Security – Both systems provide security to ensure that only one person is able to modify a file at one time. However, because component management systems allow you to work on individual XML elements, more than one person may work on the same topic although on different elements within the topic. For example, I might be revising this paragraph on security while my colleague is revising the paragraph on version control. We would each know what element the other has checked out for revision.

Permission levels – Content management systems allow you to set permissions for each person who needs to interact with the system. Some users may be allowed only to read a topic or comment on it through a review mechanism. Others may have permission to create new topics and modify existing topics, depending upon their project assignments.

Metadata – Content management systems manage stored content through rich metadata associated with that content. For example, you may have a topic that is identified by its owner, author, reviewer, language, file type, dates of each change, and so on. The topic may also be identified by brand, product name, product number, information type, and any other set of categories assigned by authors or assigned by the system itself.

Search – By offering full-text search as well as metadata-based search, content management systems enable users to find the topics they need from the repository without needing to know in which folders they are stored.

Workflow – Content management systems support multiple levels of workflow so that you can move a topic through the information-development life cycle. Workflow allows you to revise a topic and send it to editors and reviewers. If staff have access to the content management system, they may receive a notification in a workspace or through an email. If staff are outside the system, they may receive an attachment in an email or have access to content in a web browser. In either case, the notifications and processes are designed into the workflow and occur automatically, saving everyone time and helping to ensure that schedules are followed and deadlines are met.

Component content management systems

Document management systems focus on managing relatively large chunks of content and excel at storage, retrieval, and control of those chunks. Component content management systems focus on managing relatively small chunks of content and ensure that they can easily be used in more than one output.

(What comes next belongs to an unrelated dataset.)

(* Let $c\in\mathbb{N}$ be a constant and let $g=(g_n)_{n\in\mathbb{N}}$, $g_n:\{0,1\}^n\to\{0,1\}^{n+c}$, be a generator. Suppose there exist a polynomial $p$, a constant $\epsilon>0$, and a strictly increasing infinite sequence $(n_i)_{i\in\mathbb{N}}\subseteq\mathbb{N}$ such that (1) $n_{i+1}\le p(n_i)$ for all $i$, and (2) for every $n\in\{n_i: i\in\mathbb{N}\}$, $H_{\mathrm{nh}}(g_n)\ge 2^{n^\epsilon}$ (respectively, $H_{\mathrm{dh}}(g_n)\ge 2^{n^\epsilon}$). Then there exists a generator $G_n:\{0,1\}^n\to\{0,1\}^{n+c}$ constructed from $g$ which is $c$ super-bits (respectively, $c$ demi-bits). Concretely, one may take $G(x)=g_{n_i}(x[1\ldots n_i])\cdot x[n_i+1\ldots n]$ for $x\in\{0,1\}^n$ with $n_i\le n<n_{i+1}$ (for $n\ge n_1$).
   Context: A generator is a family $g_n:\{0,1\}^n\to\{0,1\}^{l(n)}$ computable by polynomial-size (nonuniform) circuits with $l(n)>n$. A nondeterministic circuit $D(x,w)$ accepts input $x$ (written $D(x)=1$) iff there is an assignment to the nondeterministic input bits $w$ with $D(x,w)=1$. The nondeterministic hardness $H_{\mathrm{nh}}(g_n)$ is the minimal $s$ such that some nondeterministic circuit $D$ of size at most $s$ satisfies $\Pr_{y\in\{0,1\}^{l(n)}}[D(y)=1]-\Pr_{x\in\{0,1\}^n}[D(g_n(x))=1]\ge 1/s$. The demi-hardness $H_{\mathrm{dh}}(g_n)$ is the minimal $s$ such that some nondeterministic circuit $D$ of size at most $s$ satisfies $\Pr_{y}[D(y)=1]\ge 1/s$ and $\Pr_x[D(g_n(x))=1]=0$. A generator $g_n:\{0,1\}^n\to\{0,1\}^{n+c}$ is $c$ super-bits (resp. $c$ demi-bits) if there is $\epsilon>0$ such that $H_{\mathrm{nh}}(g_n)\ge 2^{n^\epsilon}$ (resp. $H_{\mathrm{dh}}(g_n)\ge 2^{n^\epsilon}$) for all sufficiently large $n$. Probabilities are over the uniform distribution. $x[i\ldots j]$ denotes the substring of $x$ from position $i$ to $j$, and $\cdot$ denotes concatenation. *)

From mathcomp Require Import all_boot.
From Stdlib Require Import Reals.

Component content management systems support

    • reuse of components


    • assembly of components into larger deliverables


    • conditional publishing of topics that contain content for more than one deliverable


    • managing of multiple links between topics


    • management of translation at the component level


    • integration with XML authoring tools


  • underlying database structure

As a consequence of these features, component content management systems efficiently and effectively support XML-based authoring of structured content such as content developed in DITA or DocBook.

Component reuse

One of the primary goals of technical publications professionals in using a CMS is to facilitate the reuse of content in more than one deliverable. Topics are created that can be used in multiple user guides to support variations among individual products and services. Topics can be delivered in multiple media, including print, PDF, HTML, Eclipse, and various help systems.

Individual parts of topics can themselves be reused in the appropriate contexts. For example, a safety warning can be written and stored once in the CMS and used in every topic that requires a warning. A copyright statement or other legal notices can be created and stored once and used in every applicable document or website. Images are included in topics by reference so that they can be updated independently of the text. Component reuse is critical to the effective management of complex technical content.

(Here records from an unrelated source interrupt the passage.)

(** * Distinct generators give a strongly completely positive tensor *)

Fixpoint tuples (n k : nat) : list (list nat) :=
  match k with
  | O => [[]]
  | S k' => flat_map (fun j => map (cons j) (tuples n k')) (seq 0 n)
  end.

Lemma In_tuples n k l : In l (tuples n k) <-> valid_index k n l.
Proof.
  revert l; induction k as [|k IH]; intros l; simpl.
  - split; [intros [<-|[]]; split; auto | intros [Hl _]; destruct l; simpl in *; auto; lia].
  - rewrite in_flat_map. split.
    + intros [x [Hx H]]. apply in_map_iff in H as [l' [<- H]]. apply in_seq in Hx.
      apply IH in H as [Hl Hf]. split; [simpl; lia | constructor; auto; lia].
    + intros [Hl Hf]. destruct l as [|x l]; simpl in Hl; [lia|]. inversion Hf; subst.
      exists x. split; [apply in_seq; lia|]. apply in_map, IH. split; auto.
Qed.

Lemma index_sum_pos n (c : nat -> R) l : (forall i, (i < n)%nat -> 0 < c i) ->
  Forall (fun i => (i < n)%nat) l -> l <> [] -> 0 < index_sum c l.
Proof.
  intros hc Hf. unfold index_sum. induction Hf as [|x l Hx Hf IH]; intros Hne; [easy|].
  simpl. pose proof (hc x Hx). destruct l; [simpl; lra|].
  pose proof (IH ltac:(discriminate)). lra.
Qed.

(* The diagonal denominators m c_i are among them and pairwise distinct, whence n <= p. *)
Lemma cauchy_denominators m n (c : nat -> R) : (1 <= m)%nat ->
  (forall i, (i < n)%nat -> 0 < c i) ->
  (forall i j, (i < n)%nat -> (j < n)%nat -> i <> j -> c i <> c j) ->
  exists p (e : nat -> R), (n <= p)%nat /\ (forall i, (i < p)%nat -> 0 < e i) /\
    (forall i j, (i < p)%nat -> (j < p)%nat -> i <> j -> e i <> e j) /\
    forall idx, valid_index m n idx -> exists i, (i < p)%nat /\ e i = index_sum c idx.
Proof.
  intros hm hc hd.
  set (S := nodup Req_dec_T (map (index_sum c) (tuples n m))).
  assert (HS : forall v, In v S <-> exists idx, valid_index m n idx /\ v = index_sum c idx).
  { intros v. unfold S. rewrite nodup_In, in_map_iff.
    split; intros [idx [H1 H2]]; exists idx; split; auto; apply In_tuples; auto. }
  exists (length S), (fun i => nth i S 0). split; [|split; [|split]].
  - rewrite <- (length_seq n 0), <- (length_map (fun i => INR m * c i)).
    apply NoDup_incl_length.
    + apply NoDup_map_NoDup_ForallPairs; [|apply seq_NoDup].
      intros x y Hx Hy E. apply in_seq in Hx, Hy.
      destruct (Nat.eq_dec x y); auto. exfalso. apply (hd x y); try lia.
      apply Rmult_eq_reg_l in E; auto. apply not_0_INR. lia.
    + intros v Hv. apply in_map_iff in Hv as [i [<- Hi]]. apply in_seq in Hi.
      apply HS. exists (repeat i m). split.
      * split; [apply repeat_length|]. apply Forall_forall. intros t Ht.
        apply repeat_spec in Ht. lia.
      * rewrite (index_sum_const c (c i)), repeat_length; auto.
        intros t Ht. apply repeat_spec in Ht. subst. reflexivity.
  - intros i Hi. destruct (proj1 (HS _) (nth_In S 0 Hi)) as [idx [[Hl Hf] ->]].
    apply (index_sum_pos n); auto. intros ->. simpl in Hl. lia.
  - intros i j Hi Hj Hij E. apply Hij. eapply NoDup_nth; eauto. apply NoDup_nodup.
  - intros idx Hv. destruct (In_nth S (index_sum c idx) 0) as [i [Hi E]].
    + apply HS. eauto.
    + exists i. auto.
Qed.

(* The atom (w, z) yields the vector (w^(1/m) exp (c_i z))_i, whose m-th tensor power
   has entries w exp (z (c_i1 + ... + c_im)). *)
Definition atom_vec (m : nat) (c : nat -> R) (wz : R * R) (i : nat) : R :=
  exp (ln (fst wz) / INR m + c i * snd wz).

Lemma rprod_exp_affine (c : nat -> R) a z l :
  rprod (fun t => exp (a + c t * z)) l = exp (INR (length l) * a + index_sum c l * z).
Proof.
  induction l as [|x l IH]; [unfold rprod, index_sum; simpl; rewrite <- exp_0; f_equal; ring|].
  change (length (x :: l)) with (S (length l)). rewrite S_INR.
  unfold rprod, index_sum in *. simpl. rewrite IH, <- exp_plus. f_equal. ring.
Qed.

Lemma rprod_atom_vec m c w z idx : (1 <= m)%nat -> 0 < w -> length idx = m ->
  rprod (atom_vec m c (w, z)) idx = w * exp (index_sum c idx * z).
Proof.
  intros hm Hw Hl. unfold atom_vec. simpl. rewrite rprod_exp_affine, Hl, exp_plus.
  assert (0 < INR m) by (apply lt_0_INR; lia).
  replace (INR m * (ln w / INR m)) with (ln w) by (field; lra). rewrite exp_ln; auto.
Qed.

Lemma exp_sum_nth s F :
  exp_sum s F = rsum (length F) (fun k => fst (nth k F (1, 0)) * exp (s * snd (nth k F (1, 0)))).
Proof.
  induction F as [|wz F IH]; [reflexivity|].
  change (exp_sum s (wz :: F)) with (fst wz * exp (s * snd wz) + exp_sum s F).
  simpl length. rewrite rsum_shift, IH. reflexivity.
Qed.

Lemma atoms_rank_one_decomp m n c F : (1 <= m)%nat -> (forall wz, In wz F -> 0 < fst wz) ->
  forall idx, valid_index m n idx ->
  exp_sum (index_sum c idx) F = rsum (length F) (fun k => rprod (atom_vec m c (nth k F (1, 0))) idx).
Proof.
  intros hm HF idx [Hl _]. rewrite exp_sum_nth. apply rsum_ext. intros k Hk.
  assert (Hw : 0 < fst (nth k F (1, 0))) by (apply HF, nth_In, Hk).
  destruct (nth k F (1, 0)) as [w z]. simpl in *. rewrite rprod_atom_vec by auto; ring.
Qed.

Lemma nth_app_nodes A (W : nat -> R) p j : (j < p)%nat ->
  nth (length A + j) (A ++ map (fun j => (W j, node p j)) (seq 0 p)) (1, 0) = (W j, node p j).
Proof.
  intros Hj. rewrite app_nth2, Nat.add_comm, Nat.add_sub by lia.
  rewrite (nth_indep _ _ (W 0%nat, node p 0%nat)) by (rewrite length_map, length_seq; lia).
  rewrite (map_nth (fun j => (W j, node p j))), seq_nth; auto.
Qed.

If a CMS is managed carefully, only one instance of each piece of content will exist in the repository. In addition, a component CMS allows authors to know exactly where each piece of content is used by various outputs or content assemblies, ensuring that revisions remain applicable in multiple contexts.

Content assembly

A component-based CMS supports the assembly of topics into larger deliverables. For example, a CMS that supports DITA maps allows authors to create books, chapters, or sections by referencing individual topics and placing them in a hierarchical structure, much like a table of contents. Topics may be referenced in multiple maps, facilitating reuse at the topic level.

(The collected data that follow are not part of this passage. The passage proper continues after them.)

(* Let $G$ be a second countable locally compact Hausdorff groupoid with a fixed left Haar system $\lambda=\{\lambda^u\}_{u\in G^0}$, and let $(\Phi,\Psi)$ be a complementary pair of $N$-functions with $\Phi\in\Delta_2$. For $f\in C_c(G)$, the function $g:G^0\to\mathbb R$, $g(u)=\|f^u\|^0_\Phi$, where $f^u=f|_{G^u}$, is continuous on $G^0$ with compact support.
   Context: $G^0$ is the unit space, $r(x)=xx^{-1}$, $G^u=r^{-1}(u)$. The left Haar system consists of positive Radon measures $\lambda^u$ with support $G^u$ such that $u\mapsto\int f\,d\lambda^u$ is continuous for every $f\in C_c(G)$ and $\int f(xy)d\lambda^{d(x)}(y)=\int f(y)d\lambda^{r(x)}(y)$, where $d(x)=x^{-1}x$. An $N$-function is a continuous even convex $\Phi:\mathbb R\to[0,\infty)$ with $\Phi(x)=0$ iff $x=0$, $\Phi(x)/x\to0$ as $x\to0$, $\Phi(x)/x\to\infty$ as $x\to\infty$; complementary function $\Psi(y)=\sup_{x\ge0}(x|y|-\Phi(x))$. $\Phi\in\Delta_2$: there is $k>0$ with $\Phi(2x)\le k\Phi(x)$ for all $x\ge0$ ($G$ non-compact), resp. for all $x\ge x_0$ for some $x_0>0$ ($G$ compact). For a measurable $h$ on $G^u$, the gauge norm is $\|h\|^0_\Phi=\inf\{k>0:\int_{G^u}\Phi(|h|/k)d\lambda^u\le1\}$. *)

From HB Require Import structures.
From mathcomp Require Import all_boot all_order all_algebra.
From mathcomp Require Import all_classical all_reals all_analysis.
Set Implicit Arguments. Unset Strict Implicit. Unset Printing Implicit Defensive.
Import Order.TTheory GRing.Theory Num.Theory.
Local Open Scope classical_set_scope.
Local Open Scope ring_scope.

Notation borelT T := (g_sigma_algebraType (@open T)).

(* Topological groupoid (Renault's axioms) on the carrier T, with composable
   pairs [comp], multiplication [mul] (meaningful on [comp]) and inverse [inv]. *)
Definition is_topological_groupoid (T : ptopologicalType) (comp : set (T * T))
    (mul : T -> T -> T) (inv : T -> T) : Prop :=
  (forall x y z, comp (x, y) -> comp (y, z) ->
         [/\ comp (mul x y, z), comp (x, mul y z) &
             mul (mul x y) z = mul x (mul y z)]) /\
  (forall x, inv (inv x) = x) /\
  (forall x, comp (inv x, x)) /\
  (forall x z, comp (z, x) -> mul (mul z x) (inv x) = z) /\
  (forall x y, comp (x, y) -> mul (inv x) (mul x y) = y) /\
  continuous inv /\
  {within comp, continuous (fun p : T * T => mul p.1 p.2)}.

Individual topics may be assembled into constructs that themselves support conditional processing through the assignment of topic-level metadata. For example, more than one PDF or HTML collection may be output from a single assembly, depending on the assignment of metadata to the topic in the DITA map. Content assembly is an integral part of the DITA information model through the DITA map function. However, CMSs may also support content assembly through integration with desktop publishing systems like FrameMaker that support the assembly of chapters into books or through the DocBook information model that is also designed to output books.

Some document management systems support functionality often referred to as virtual document assembly. Independent files can be assembled into larger documents through these virtual systems, allowing for integrated page numbering and tables of contents. On the other hand, most document management systems do not support content assembly as part of the information-development life cycle because their focus is on storing and managing content as individual entities rather than reusable parts. Component CMSs instead focus on the combination of independent parts into larger contexts for publishing and dissemination.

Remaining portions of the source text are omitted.